И в течение года после Инниной смерти, Александра Михайловна, опасавшаяся оставить Мравинского одного, исполняя Иннин наказ, была свидетельницей, как каждую ночь, без двадцати два, в час Инниной смерти, он пробуждался, точно по какому-то сигналу, и садился в постели, когда бы ни лег и какую бы дозу лекарств не принял.
Спустя жизнь Александра Михайловна похоронила его там, где уже была Инна, на Богословском кладбище, выдержав атаку властей, все решивших, как водится наперед: и ритуал прощания, и место захоронения, «престижное», положенное, как они сочли, по ранжиру. Но нет, не получилось. По настоянию Александры Михайловны Мравинского отпевали в Преображенском соборе, все пространство которого и близлежащие улицы были заполнены людьми. Это было всенародное прощание, никем не срежиссированное — всенародное признание, не связанное ни с какими официальными почестями, а, возможно, и им супротив.

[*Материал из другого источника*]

(* Let $T>0$ and let $\mathbf{v}=(v^1,v^2,v^3):[0,\infty)\times[0,T]\to\mathbb{R}^3$ be a smooth solution (all derivatives continuous up to $s=0$) of the initial-boundary value problem \[ \mathbf{v}_t=\mathbf{v}\times\mathbf{v}_{ss}\ (s>0,\ t>0),\qquad \mathbf{v}(s,0)=\mathbf{v}_0(s)\ (s>0),\qquad \mathbf{v}(0,t)=\mathbf{e}_3\ (t>0), \] where $\mathbf{e}_3=(0,0,1)$ and the initial datum satisfies $|\mathbf{v}_0(s)|=1$ for all $s\ge 0$. Then for every $n\in\mathbb{N}=\{1,2,\dots\}$ and every $t\in(0,T]$: \[ (C)_n:\quad \bigl(\mathbf{v}\times\partial_s^{2n}\mathbf{v}\bigr)\big|_{s=0}=\mathbf{0}, \] \[ (D)_n:\quad \bigl(\partial_s^{j}\mathbf{v}\cdot\partial_s^{l}\mathbf{v}\bigr)\big|_{s=0}=0\quad\text{for all nonnegative integers } j,l \text{ with } j+l=2n+1. \]
   Context: $\times$ denotes the exterior (cross) product in $\mathbb{R}^3$ and $\cdot$ the Euclidean inner product; $|_{s=0}$ denotes the trace at $s=0$. *)

From Stdlib Require Import Reals.
From Coquelicot Require Import Coquelicot.
Open Scope R_scope.

Definition vec := (R * R * R)%type.
Definition vcomp (i : nat) (x : vec) : R :=
  match i with 0%nat => fst (fst x) | 1%nat => snd (fst x) | _ => snd x end.
Definition cross (a b : vec) : vec :=
  let '(a1, a2, a3) := a in let '(b1, b2, b3) := b in
  (a2 * b3 - a3 * b2, a3 * b1 - a1 * b3, a1 * b2 - a2 * b1).
Definition dot (a b : vec) : R :=
  let '(a1, a2, a3) := a in let '(b1, b2, b3) := b in a1 * b1 + a2 * b2 + a3 * b3.
Definition vnorm (a : vec) : R := sqrt (dot a a).
Definition e3 : vec := (0, 0, 1).
Definition vzero : vec := (0, 0, 0).

Definition ds (f : R -> R -> R) : R -> R -> R := fun s t => Derive (fun x => f x t) s.
Definition dt (f : R -> R -> R) : R -> R -> R := fun s t => Derive (fun y => f s y) t.
Definition dsn (j : nat) (f : R -> R -> R) : R -> R -> R := Nat.iter j ds f.
Definition dtn (k : nat) (f : R -> R -> R) : R -> R -> R := Nat.iter k dt f.

Definition vfc (i : nat) (v : R -> R -> vec) : R -> R -> R := fun s t => vcomp i (v s t).
Definition Dsn (j : nat) (v : R -> R -> vec) : R -> R -> vec :=
  fun s t => (dsn j (vfc 0 v) s t, dsn j (vfc 1 v) s t, dsn j (vfc 2 v) s t).

Definition openQ (T : R) (p : R * R) : Prop := 0 < fst p /\ 0 < snd p < T.
Definition closedQ (T : R) (p : R * R) : Prop := 0 <= fst p /\ 0 <= snd p <= T.

Definition cont_on_closedQ (T : R) (g : R -> R -> R) : Prop :=
  forall p, closedQ T p ->
    filterlim (fun q : R * R => g (fst q) (snd q)) (within (closedQ T) (locally p))
      (locally (g (fst p) (snd p))).

(* v is smooth on [0,oo) x [0,T], all derivatives continuous up to the boundary:
   v is continuous on the closed region; in the open region all partial
   derivatives d_s^j d_t^k v exist (t-derivatives first, then s-derivatives)
   and are jointly continuous; and each of them extends continuously to the
   closed region.  (By Schwarz, this is C^oo in the interior.) *)
Definition smooth_up_to_boundary (T : R) (v : R -> R -> vec) : Prop :=
  (forall i : nat, (i < 3)%nat -> cont_on_closedQ T (vfc i v)) /\
  (forall (i j k : nat), (i < 3)%nat -> forall s t, openQ T (s, t) ->
     ex_derive (fun x => dsn j (dtn k (vfc i v)) x t) s /\
     ex_derive (fun y => dtn k (vfc i v) s y) t /\
     filterlim (fun q : R * R => dsn j (dtn k (vfc i v)) (fst q) (snd q))
       (locally (s, t)) (locally (dsn j (dtn k (vfc i v)) s t))) /\
  (forall (i j k : nat), (i < 3)%nat -> exists g : R -> R -> R,
     cont_on_closedQ T g /\
     forall s t, openQ T (s, t) -> g s t = dsn j (dtn k (vfc i v)) s t).

(* Trace at s = 0 of a scalar function of s (t fixed): right limit at 0. *)
Definition trace0_is (f : R -> R) (l : R) : Prop :=
  filterlim f (at_right 0) (locally l).

(* Write a_m(t) for the trace at s = 0 of d_s^m v(., t).  By induction on m, a_m is vertical
   (parallel to e3) for even m and horizontal for odd m; a_0 = e3 is the boundary condition.
   For odd m, the m-th s-derivative of |v|^2 = 1 traced at s = 0 gives
   sum_j C(m,j) a_j . a_(m-j) = 0, in which every term except 2 a_0 . a_m cancels by parity.
   For even m = m' + 2, the horizontal part of a_m' vanishes for all t, hence so does its time
   derivative; by the equation that derivative is sum_j C(m',j) a_j x a_(m'-j+2), whose
   horizontal part reduces by parity to e3 x a_m.  (C)_n and (D)_n are then parity statements
   about a_0 x a_2n and a_j . a_l.  The analytic work consists in exchanging traces (at s = 0,
   and at the final time t = T) with derivatives, using only the continuous extensions of the
   derivatives provided by the smoothness hypothesis. *)

From Stdlib Require Import Reals Lra Lia Arith IndefiniteDescription.
From Coquelicot Require Import Coquelicot.
Open Scope R_scope.

Section RealLimits.

Context {U : Type} {F : (U -> Prop) -> Prop} {FF : Filter F}.

Lemma lim_const (a : R) : filterlim (fun _ => a) F (locally a).
Proof. apply filterlim_const. Qed.

Lemma lim_plus f g a b : filterlim f F (locally a) -> filterlim g F (locally b) ->
  filterlim (fun z => f z + g z) F (locally (a + b)).
Proof. intros Hf Hg. exact (filterlim_comp_2 _ _ Rplus Hf Hg (@filterlim_plus R_AbsRing R_NormedModule a b)). Qed.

Уходил Мравинский в полном сознании, сидя в кресле. Александра Михайловна спросила: у тебя что-нибудь болит? Он отрицательно покачал головой. Был очень сосредоточен, взгляд направлен вовнутрь: старался не пропустить, познать переход…
— Вы думаете, действительно не конец, а переход? — спрашиваю Александру Михайловну.
— Мы часто говорили об этом с Евгением Александровичем. У него есть запись о беседе с отцом Александром, протоиереем той церкви в Усть-Нарве, которую еще посещал Лесков. Отец Александр жаловался на здоровье, и Евгений Александрович спросил, не боится ли он смерти. Ответ записал к себе в дневник, — совпало, верно, с тем, что он сам чувствовал: «Смерти не страшусь, но к жизни привязан…» Вообще он считал, что остается от человека нерастворимый осадок: дух, душа.